I’m unsure where you are, but our state has free early intervention. We had my son evaluated at his daycare when he was three by the school district. He has a team of supporters now and is so much better. We also go through our insurance to specialist recommended by our pediatrician. The more early support she has the better it will be.
Unfortunately Early Intervention is only up to the 3rd birthday. But an evaluation through the school district would definitely be in order, and potential access to preschool through them would probably be great.
My state has it up to age 5. I think each state can be different.
I dont think Reddit can give u specific advice. I would say please see a child psychologist who specialises in this. I don’t know where you reside but I do know medical care in the US is hard (from what I’ve read here) and it can take a long time. But I’d say find someone and take the time to do this cause getting the right care now will set her up for life. I work with adults who are neurodivergent/have developmental trauma and I cannot stress enough the importance of the right care EARLY on.
My son has some violent outbursts and issues as well. He is in a developmental preschool. I'm not going to rehash professional suggestions that have already been given, but what we've found most effective (and found out the preschool was doing as well) is when no amount of calm talking, timers, or attempts at smooth transitioning is working: we take him outside and do some intense exercise to "get his energies out." In my experience restraint and isolation escalates the issue.
Don't see an OT. Consider a ABA specialist.

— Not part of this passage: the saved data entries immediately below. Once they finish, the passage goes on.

Lemma RInt_improper_limit (h : R -> R) : (forall a b, ex_RInt h a b) -> little_o_inv_sq h ->
  exists c, forall eps, 0 < eps -> exists M, 0 <= M /\
    forall a b, a <= - M -> M <= b -> Rabs (RInt h a b - c) < eps.
Proof.
  intros Hi Hd.
  set (s := fun n : nat => RInt h (- INR n) (INR n)).
  assert (Cs : Cauchy_crit s).
  { intros eps he. destruct (RInt_tails_le h Hi Hd (eps / 2)) as [M [hM HM]]; [lra|].
    destruct (INR_unbounded M) as [N hN]. exists N.
    assert (K : forall n m, (N <= m <= n)%nat -> Rabs (s n - s m) < eps).
    { intros n m hnm.
      assert (INR N <= INR m) by (apply le_INR; lia).
      assert (INR m <= INR n) by (apply le_INR; lia).
      assert (Rabs (s n - s m) <= eps / 2) by (apply HM; lra). lra. }
    intros n m hn hm. unfold Rdist. destruct (Nat.le_ge_cases m n).
    - apply K; lia.
    - rewrite Rabs_minus_sym. apply K; lia. }
  destruct (Rcomplete.R_complete s Cs) as [c Hc].
  exists c. intros eps he.
  destruct (RInt_tails_le h Hi Hd (eps / 2)) as [M [hM HM]]; [lra|].
  exists M; split; [lra|]. intros a b ha hb.
  destruct (Hc (eps / 2)) as [N1 HN1]; [lra|].
  destruct (INR_unbounded (Rmax (- a) b)) as [N2 hN2].
  set (n := Nat.max N1 N2).
  assert (INR N2 <= INR n) by (apply le_INR; lia).
  pose proof (Rmax_l (- a) b); pose proof (Rmax_r (- a) b).
  assert (Rabs (s n - RInt h a b) <= eps / 2) by (apply HM; lra).
  assert (Rabs (s n - c) < eps / 2) by (apply HN1; lia).
  replace (RInt h a b - c) with ((s n - c) - (s n - RInt h a b)) by ring.
  eapply Rle_lt_trans; [apply Rabs_triang|]. rewrite Rabs_Ropp. lra.
Qed.

Definition vanishes_at_infinity (f : R -> R -> R) : Prop :=
  forall T e, 0 < e -> exists M, forall x t, Rabs t <= T -> M <= Rabs x -> Rabs (f x t) < e.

My daughter went through something very similar starting at 18 months, she's now about to turn 3 and has definite sensory processing issues, possibly Autism (we did actually receive one medical diagnosis of ASD so far but are seeking a second opinion). We've been working with early intervention, occupational therapy, and speech therapy with great success, but every now and then she still has a big meltdown like you described. For us, walking away if she continues to be "somewhat" violent (hitting, kicking) after a warning is usually the first move. She'll scream and cry but will stay put until she burns through her anger (staying to comfort is not an option, she would only continue to lash out so we don't restrain). If she does get up to follow after us and try and hurt us, or if the act of violence was bigger, like biting or trying to kick our cat, we go straight to her room. Tell her why she's getting a break/timeout, then shut the door. Go back in the same # of minutes as her age and try to hug/talk it out. Most of the time she's willing to be calmed by then, but the few occasions that she's still raging we repeat the time out. Best of luck, I hope you can get some more help soon with other therapies or an evaluation. I know speech growth helped my daughter a ton too as she's learned the skills to communicate her needs better.

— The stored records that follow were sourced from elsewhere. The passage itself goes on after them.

Lemma face_xat_merge : (0 < k <= p)%N ->
  xat (face mu k xi).1 k.-1 = xat xi.1 k.-1 + xat xi.1 k.
Proof.
move=> k_range; rewrite face_xat; last by lia.
rewrite ifN; last by lia.
by rewrite ifT ?ltnn ?eqxx //; lia.
Qed.

Lemma face_xat_ge n : (k <= n < p)%N -> xat (face mu k xi).1 n = xat xi.1 n.+1.
Proof.
move=> kn; rewrite face_xat; last by lia.
by case: ifP => // /negbT k0; rewrite ifT ?ifF ?ifF //; lia.
Qed.

Lemma face_snd : (face mu k xi).2 = if (k <= p)%N then xi.2 else xi.2 + mu (xat xi.1 p).
Proof. by rewrite /face; case: k => [|k'] //=; case: ifP. Qed.

End FaceEntries.

Lemma tail_face p k (xi : Gp G H p.+1) i : (k <= p.+1)%N -> (i <= p)%N ->
  tail (face mu k xi) i = tail xi (i + (k <= i)).
Proof.
move=> le_kp; have [d] := ubnP (p - i); elim: d i => // d IH i lt_pi_d le_ip.
case: (ltngtP i p) le_ip => // [lt_ip _ | -> _].
  rewrite (tailS _ lt_ip) IH //; last by lia.
  case: (ltngtP k i.+1) => [lt_ki | lt_ik | ->].
  - have -> : (k <= i)%N by lia.
    by rewrite face_xat_ge ?addn1 -?tailS //; lia.
  - have -> : (k <= i)%N = false by lia.
    by rewrite face_xat_lt ?addn0 -?tailS //; lia.
  - rewrite face_xat_merge /= ?ltnn ?addn1 ?addn0 ?(linD mu_lin) ?addrA; last by lia.
    by rewrite addrAC -!tailS //; lia.
rewrite tail_ge // face_snd.
case: ifP => [le_kp' | /negbT gt_kp]; first by rewrite addn1 tail_ge.
by rewrite addn0 tailS ?tail_ge.
Qed.

Lemma hat_t_face0 p (xi : Gp G H p.+1) :
  hat_t mu (face mu 0 xi) = hat_t mu xi - mu (x0 xi).
Proof. by rewrite !hat_t_tail tail_face // (tailS xi (ltn0Sn p)) x0E addrK. Qed.

Lemma hat_t_face p k (xi : Gp G H p.+1) : (0 < k <= p.+1)%N ->
  hat_t mu (face mu k xi) = hat_t mu xi.
Proof. by case/andP=> k_gt0 le_kp; rewrite !hat_t_tail tail_face // leqNgt k_gt0. Qed.
End Faces.

Section FaceBracket.
Variables (K : fieldType) (G H : lmodType K).
Variables (bg : G -> G -> G) (bh : H -> H -> H) (mu : G -> H) (L : H -> G -> G).
Hypothesis cm : crossed_module bg bh mu L.

Let bg_bilin : is_bilin bg. Proof. by case: cm => [[[]]]. Qed.
Let bh_bilin : is_bilin bh. Proof. by case: cm => [[_ []]]. Qed.
Let L_bilin : is_bilin L. Proof. by case: cm => _ _ []. Qed.
Let bg_anti : forall x x', bg x x' = - bg x' x. Proof. by case: cm => [[/lie_anticomm]]. Qed.
Let bh_anti : forall y y', bh y y' = - bh y' y. Proof. by case: cm => [[_ /lie_anticomm]]. Qed.
Let mu_lin : is_lin mu. Proof. by case: cm => _ []. Qed.
Let mu_bg : forall x x', mu (bg x x') = bh (mu x) (mu x'). Proof. by case: cm => _ []. Qed.
Let mu_L : forall y x, mu (L y x) = bh y (mu x). Proof. by case: cm. Qed.
Let L_mu : forall x x', L (mu x) x' = bg x x'. Proof. by case: cm. Qed.

(* The g-component of the bracket [(x, s), (x', s')] in the semidirect product g x|_L h. *)
Definition sd_br (x : G) (s : H) (x' : G) (s' : H) : G := bg x x' + L s x' - L s' x.

Lemma sd_br_merge x1 x2 s x1' x2' s' :
  sd_br (x1 + x2) s (x1' + x2') s'
  = sd_br x1 (s + mu x2) x1' (s' + mu x2') + sd_br x2 s x2' s'.
Proof.
rewrite /sd_br !(blDl bg_bilin) !(blDr bg_bilin) !(blDl L_bilin) !(blDr L_bilin) !L_mu.
rewrite [bg x2' x1]bg_anti opprB opprD !addrA.
by rewrite [LHS](ACl (1*5*3*2*7*4*6*8)).
Qed.

Lemma bh_mu_sd_br x s x' s' :
  bh (s + mu x) (s' + mu x') = bh s s' + mu (sd_br x s x' s').
Proof.
rewrite /sd_br (linB mu_lin) (linD mu_lin) mu_bg !mu_L (blDl bh_bilin) !(blDr bh_bilin).
rewrite [bh (mu x) s']bh_anti !addrA.
by rewrite [LHS](ACl (1*4*2*3)).
Qed.

Lemma brp_xat p (xi xi' : Gp G H p) n : (n < p)%N ->
  xat (brp bg bh mu L xi xi').1 n
  = sd_br (xat xi.1 n) (tail mu xi n.+1) (xat xi'.1 n) (tail mu xi' n.+1).
Proof.
move=> lt_np; rewrite -[n]/(nat_of_ord (Ordinal lt_np)) !xatE ffunE.
by rewrite !str_h_tail.
Qed.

Telling a story helps us about a similar situation that happened to us when we were upset. My kid has the same problem and is growing out of it. From what I’ve seen, it comes from a profound anger and frustration that they are hurting anyone at all. It also feels like a snapping point, like what sets them off is the last straw. A therapist helped us with this, as some of it has to do with a power struggle. I think you have a great daycare since she feels comfortable enough to exhibit the same behavior that she does at home. I think that you might be needing family therapy though. Good luck. ❤️
My son has autism and likely adhd and does the same thing. Request a referral to a developmental pediatrician. At the same time, start calling around to child psychologists for an autism /adhd evaluation. The wait lists for both will be long. You should also request an evaluation from your local school district for an IEP. It will take 3-4 months to finish the evaluation.
My daughter would scream and writhe on the floor as a toddler like she was possessed and I remember it freaking me out. I would definitely see a neuropsych for a diagnosis if possible (my kid ended up being autistic). I feel like there is a lot of trial and error to the rest. Waking her up from a nap was a major trigger as were short transitions. She basically needs twice the time to move from one activity to another. Making sure she also isn’t overstimulated is also important. For me kid specifically swinging in a hammock and arial yoga helped as well - something about the vestibular system.
Has the OT recommended redirecting behaviours? Eg: "I recognise you need to bite, you can't bite me but you can bite this" and offering a crunchy snack or a chew. This probably won't work for when they are in an incredibly disregulated state, but if you start when they're are more regulated, it might help. I would also recommend keeping a diary of when these outbursts happened and what other things happened that day to try and build up a bigger picture. But yeah, I agree with other people that you might need to see some more specialists to get more advice. OTs are great, but maybe you need a broader picture of need to get on top of this.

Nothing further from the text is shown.